No dia seguinte pela manhã, por volta das oito horas, ela recebeu várias ligações de um número desconhecido, mas não atendeu a nenhuma. Ela então recebeu novamente uma mensagem pelo Instagram, dessa vez pedindo que ela enviasse um código que chegaria por SMS, e ela atendeu ao pedido.

Nas horas seguintes, Rubya percebeu que seu aplicativo Whatsapp tinha parado de funcionar, e que as pessoas que ela conhecia tinham começado a receber mensagens de alguém se passando por ela e pedindo dinheiro. Ela havia caído num golpe: a conta do bar era falsa, e os golpistas tinham usado os dados que ela passou para roubarem a sua conta de Whatsapp.

Com a pandemia e as consequentes medidas de distanciamento social, o uso das redes sociais aumentou entre os brasileiros. Segundo dados da Agência Nacional de Telecomunicações (Anatel), o aumento foi de 40% a 50%, só em 2020. Uma consequência desse aumento foi o crescimento de crimes cibernéticos — também conhecidos como cibercrimes —, como apontam dados da Comissão Executiva de Prevenção a Fraudes da Federação dos Bancos.

Os dados revelam que, durante a quarentena, as instituições financeiras registraram um aumento de 80% nas tentativas de ataques de phishing, como é conhecido o tipo de fraude na qual Rubya caiu. Nesse cibercrime, os golpistas tentam enganar o usuário se passando por algum indivíduo ou organização de confiança — o que por vezes é chamado de engenharia social —, convencendo a vítima a passar seus dados sem questionamento. O nome da prática vem da palavra em inglês fishing, que significa “pescando” ou “pescaria”, uma analogia à maneira como os golpistas conseguem “pescar” as vítimas com uma “isca” bem colocada.

Muitas vezes, essas “iscas” acabam sendo suficientes para convencer uma pessoa a passar os seus dados. Um levantamento feito pela empresa de segurança digital Kaspersky apontou que mais da metade (65%) dos brasileiros aceitariam compartilhar seus dados de redes sociais se isso resultasse em “experiências exclusivas”, e 70% para terem descontos em compras online.

O phishing pode ser realizado por meio das redes sociais, SMS, e-mail ou telefone. Também pode envolver estratégias simples, como uma troca de mensagens —  no caso relatado —, ou mais elaboradas, como a criação de sites “clones”, aqueles que se passam por oficiais.
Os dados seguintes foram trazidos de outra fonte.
Lemma measurable_point_reflect_pair :
  measurable_fun setT
    (fun p : n.-tuple R * n.-tuple R => point_reflect p.1 p.2).
Proof.
apply/measurable_fun_tnthP => i.
rewrite (_ : _ \o _ = fun p => 2 * tnth p.1 i - tnth p.2 i); last first.
  by apply/funext => p /=; rewrite tnth_mktuple.
apply: measurable_funB; first apply: measurable_funM => //.
  exact: measurableT_comp (measurable_tnth i) measurable_fst.
exact: measurableT_comp (measurable_tnth i) measurable_snd.
Qed.

Lemma row_midpoint x y :
  row x = (1 - 2^-1) *: row y + 2^-1 *: row (point_reflect x y).
Proof.
apply/rowP => i; rewrite !mxE tnth_mktuple mulrBr mulrA mulVf ?pnatr_eq0 //.
by rewrite mul1r; lra.
Qed.

Lemma dotr_point_reflect a x y :
  dotr a (row (point_reflect x y)) = 2 * dotr a (row x) - dotr a (row y).
Proof.
rewrite /dotr mulr_sumr -sumrB; apply: eq_bigr => i _.
by rewrite !mxE tnth_mktuple mulrBr mulrCA.
Qed.

Lemma measurable_dotr a : measurable_fun setT (fun t => dotr a (row t)).
Proof.
apply: measurable_sum => i; apply: measurable_funM => //.
rewrite (_ : (fun t => _) = (@tnth n R)^~ i); first exact: measurable_tnth.
by apply/funext => t; rewrite mxE.
Qed.

Lemma measurable_dotr_le a (b : R) : measurable [set t | dotr a (row t) <= b].
Proof.
have -> : [set t | dotr a (row t) <= b] =
    (fun t => dotr a (row t)) @^-1` `]-oo, b].
  by apply/seteqP; split => t; rewrite /= in_itv.
by rewrite -[_ @^-1` _]setTI; exact: measurable_dotr.
Qed.

Lemma lebesgue_tuple_point_reflect x A : measurable A ->
  lebesgue_tuple n (point_reflect x @^-1` A) = lebesgue_tuple n A.
Proof.
move=> mA; rewrite point_reflect_affine lebesgue_tuple_affine ?oppr_eq0 //.
by rewrite normrN normr1 invr1 expr1n mul1e.
Qed.

End point_reflection.

Section symmetric_halving.
Local Open Scope ereal_scope.
Context {R : realType} (n : nat).
Local Notation row := (@row_of_tuple R n).
Local Notation leb := (lebesgue_tuple n).

Lemma lebesgue_tuple_halfspace_symmetric (C : set (n.-tuple R)) x a :
  measurable C -> (forall y, C y -> C (point_reflect x y)) ->
  leb C * (2^-1)%:E <=
  leb (C `&` [set y | (dotr a (row y) <= dotr a (row x))%R]).
Proof.
move=> mC Csym; set H := [set y | _].
have mH : measurable H by exact: measurable_dotr_le.
have reflect_sub : point_reflect x @^-1` (C `\` H) `<=` C `&` H.
  move=> y [/Csym]; rewrite /H /= point_reflectK dotr_point_reflect => Cy.
  by move/negP; rewrite -ltNge => ?; split => //; lra.
apply: lee_half; first exact: measure_ge0.
rewrite (measureDI _ mC mH) addeC leeD2l //.
apply: (@le_trans _ _ (leb (point_reflect x @^-1` (C `\` H)))).
  by rewrite lebesgue_tuple_point_reflect //; exact: measurableD.
apply: le_measure reflect_sub; rewrite inE; last exact: measurableI.
rewrite -[_ @^-1` _]setTI; apply: measurable_point_reflect => //.
exact: measurableD.
Qed.

End symmetric_halving.

Section symmetric_part.
Local Open Scope ereal_scope.
Context {R : realType} (n : nat) (K : set 'rV[R]_n).
Local Notation row := (@row_of_tuple R n).
Local Notation leb := (lebesgue_tuple n).
Local Notation Kt := (row @^-1` K).

Definition symmetric_part (x : n.-tuple R) : set (n.-tuple R) :=
  [set y | Kt y /\ Kt (point_reflect x y)].

Lemma measurable_symmetric_part x : measurable Kt ->
  measurable (symmetric_part x).
Proof.
move=> mK; apply: measurableI => //; rewrite -[X in measurable X]setTI.
exact: measurable_point_reflect.
Qed.

Lemma tukey_depth_ge_symmetric_part x : measurable Kt -> vol K = 1 ->
  leb (symmetric_part x) * (2^-1)%:E <= tukey_depth (uniform_on K) (row x).
Proof.
move=> mK volK; apply: le_ereal_inf_tmp => _ [H [[a [b [_ ->]]] /= xb] <-].
rewrite /uniform_on volK invr1 mule1 /vol -lebesgue_tupleE.
apply: le_trans (lebesgue_tuple_halfspace_symmetric (x := x) a _ _) _.
- exact: measurable_symmetric_part.
- by move=> y [Ky Kry]; split; rewrite ?point_reflectK.
apply: le_measure; rewrite ?inE.
- apply: measurableI; first exact: measurable_symmetric_part.
  exact: measurable_dotr_le.
- exact: measurableI mK (measurable_dotr_le _ _).
- by move=> y [[Ky _] ay]; split => //=; apply: le_trans xb.
Qed.

(* Its section at x is [symmetric_part x] (for x in K); its section at y in K
   is the copy (K + y) / 2 of K, contained in K by convexity. *)
Definition reflection_pairs : set (n.-tuple R * n.-tuple R) :=
  (Kt `*` Kt) `&` ((fun p => point_reflect p.1 p.2) @^-1` Kt).

Lemma measurable_reflection_pairs :
  measurable Kt -> measurable reflection_pairs.
Proof.
move=> mK; apply: measurableI; first exact: measurableX.
by rewrite -[X in measurable X]setTI; exact: measurable_point_reflect_pair.
Qed.

Lemma lebesgue_tuple_xsection_reflection_pairs x :
  leb (xsection reflection_pairs x) =
  ((fun x => leb (symmetric_part x)) \_ Kt) x.
Proof.
rewrite patchE; case: ifPn => [/set_mem Kx|]; last rewrite notin_setE => Kx.
  suff -> : xsection reflection_pairs x = symmetric_part x by [].
  by apply/seteqP; split => y; rewrite /xsection /= inE => -[] // [].
suff -> : xsection reflection_pairs x = set0 by rewrite measure0.
by apply/seteqP; split => y //; rewrite /xsection /= inE => -[[/Kx]].
Qed.

Lemma lebesgue_tuple_ysection_reflection_pairs y : convex K -> measurable Kt ->
  leb (ysection reflection_pairs y) = ((fun=> (2^-1 ^+ n)%:E * leb Kt) \_ Kt) y.
Proof.
move=> cK mK; rewrite patchE; case: ifPn => [/set_mem Ky|]; last first.
  rewrite notin_setE => Ky; suff -> : ysection reflection_pairs y = set0.
    by rewrite measure0.
  by apply/seteqP; split => x //; rewrite /ysection /= inE => -[[_ /Ky]].
suff -> : ysection reflection_pairs y = (fun x => point_reflect x y) @^-1` Kt.
  by rewrite point_reflect_affine_center lebesgue_tuple_affine // ger0_norm.
apply/seteqP; split => x; rewrite /ysection /= inE; first by case.
move=> Kr; split => //; split => //=.
by rewrite (row_midpoint x y); apply: cK => //; lra.
Qed.

Lemma measurable_fun_symmetric_part : measurable Kt ->
  measurable_fun Kt (fun x => leb (symmetric_part x)).
Proof.
move=> mK; apply/(measurable_restrictT _ mK).
rewrite (_ : _ \_ _ = fun x => leb (xsection reflection_pairs x)).
  exact: measurable_fun_xsection (measurable_reflection_pairs mK).
by apply/funext => x; rewrite lebesgue_tuple_xsection_reflection_pairs.
Qed.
Porém, esse não é nem o único tipo de golpe realizado pela internet, nem a única maneira pela qual pessoas mal intencionadas podem ter acesso a dados pessoais.

phishinG

Fraude que usa sites com aparência confiável para reunir dados e informações pessoais do usuário com objetivo de obter vantagens financeiras

Tipos de crime na internet

Outra forma que os dados de usuários da rede podem ser expostos é por meio de vazamentos. Um caso marcante aconteceu em dezembro de 2020, quando dados do sistema do Ministério da Saúde foram vazados, expondo informações de 243 milhões de brasileiros, incluindo pessoas já falecidas. Entre as informações vazadas, estavam CPFs, endereços e telefones de brasileiros cadastrados no Sistema Único de Saúde (SUS).
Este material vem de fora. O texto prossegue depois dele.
Definition three_regular (G : graph) : Prop :=
  forall v, v \in verts G -> valency G v = 3.

Definition adj (G : graph) : rel (gV G) := fun u v =>
  [exists x in hes G, [&& ginv G x != x, gep G x == u & gep G (ginv G x) == v]].

Definition connected (G : graph) : Prop :=
  forall u v, u \in verts G -> v \in verts G -> connect (adj G) u v.

Definition is_graph (G : graph) : Prop := wf G /\ connected G.

Definition nonloop (G : graph) (h : gH G) : Prop :=
  h \in hes G /\ ginv G h != h /\ gep G h != gep G (ginv G h).

(* contraction of the edge {h, ginv h}: the endpoint of (ginv h) is merged
   into the endpoint of h (the image vertex of the edge is gep G h) *)
Definition contract (G : graph) (h : gH G) : graph :=
  let a := gep G h in let b := gep G (ginv G h) in
  @Graph (gV G) (gH G) (verts G :\ b) (hes G :\ h :\ ginv G h) (ginv G)
    (fun x => if gep G x == b then a else gep G x).

Definition iso_at (G1 G2 : graph) (v1 : gV G1) (v2 : gV G2) : Prop :=
  exists (fV : gV G1 -> gV G2) (fH : gH G1 -> gH G2),
    {in verts G1 &, injective fV} /\ fV @: verts G1 = verts G2 /\
    {in hes G1 &, injective fH} /\ fH @: hes G1 = hes G2 /\
    (forall x, x \in hes G1 -> fH (ginv G1 x) = ginv G2 (fH x)) /\
    (forall x, x \in hes G1 -> fV (gep G1 x) = gep G2 (fH x)) /\
    fV v1 = v2.

Definition strongly_linked (G1 G2 : graph) : Prop :=
  is_graph G1 /\ is_graph G2 /\
  exists (h1 : gH G1) (h2 : gH G2), nonloop G1 h1 /\ nonloop G2 h2 /\
    iso_at (contract G1 h1) (contract G2 h2) (gep G1 h1) (gep G2 h2).

Definition linked : graph -> graph -> Prop := clos_refl_trans graph strongly_linked.

(* Insert a new vertex (None) in the interior of the edge {h, ginv h}
   (or of the leg h if ginv h = h) and attach a new leg (inr 2) to it.
   New half-edges: inr 0 (paired with inl h), inr 1 (paired with
   inl (ginv h) if h is not a leg, otherwise inr 1 is the new outer leg),
   inr 2 (the new leg). *)
Definition sd_inv (G : graph) (h : gH G) (y : gH G + 'I_3) : gH G + 'I_3 :=
  let hl := ginv G h == h in
  match y with
  | inl x =>
      if x == h then inr (@Ordinal 3 0 isT)
      else if (x == ginv G h) && ~~ hl then inr (@Ordinal 3 1 isT)
      else inl (ginv G x)
  | inr i =>
      if val i == 0 then inl h
      else if (val i == 1) && ~~ hl then inl (ginv G h)
      else inr i
  end.

Definition sd_ep (G : graph) (y : gH G + 'I_3) : option (gV G) :=
  match y with inl x => Some (gep G x) | inr _ => None end.

Definition subdivide (G : graph) (h : gH G) : graph :=
  @Graph (option (gV G)) (gH G + 'I_3)%type
    (None |: [set Some v | v in verts G])
    ([set inl x | x in hes G] :|: [set inr i | i : 'I_3])
    (@sd_inv G h) (@sd_ep G).

(* Subdividing an edge or leg of G and attaching a new leg there, then
   contracting one of the edges from the new vertex back to an old endpoint v,
   yields G with one extra leg at v, whichever half-edge at v was subdivided. Hence two subdivisions at half-edges with a common endpoint are
   strongly linked, and so are the subdivisions at the two halves of an edge.
   Connectivity of G chains these moves together. *)
From Stdlib Require Import Relations.
From HB Require Import structures.
From mathcomp Require Import all_boot.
Esse também está longe de ser um caso isolado. Segundo um relatório de atividade criminosa online no Brasil publicado pela Axur, o número de dados sensíveis vazados no país chegou a 2,8 bilhões, apenas em 2021.

Depois de vazadas, essas informações ficam disponíveis para serem usadas por criminosos e pessoas mal intencionadas. Silvana Carbonera, que é professora do Setor de Educação Profissional e Tecnológica (SEPT) da Universidade Federal do Paraná (UFPR) e doutora em Direito, explica que, tendo nome completo, endereço e CPF de alguém, é possível abrir uma empresa no nome daquela pessoa sem qualquer permissão ou mesmo conhecimento.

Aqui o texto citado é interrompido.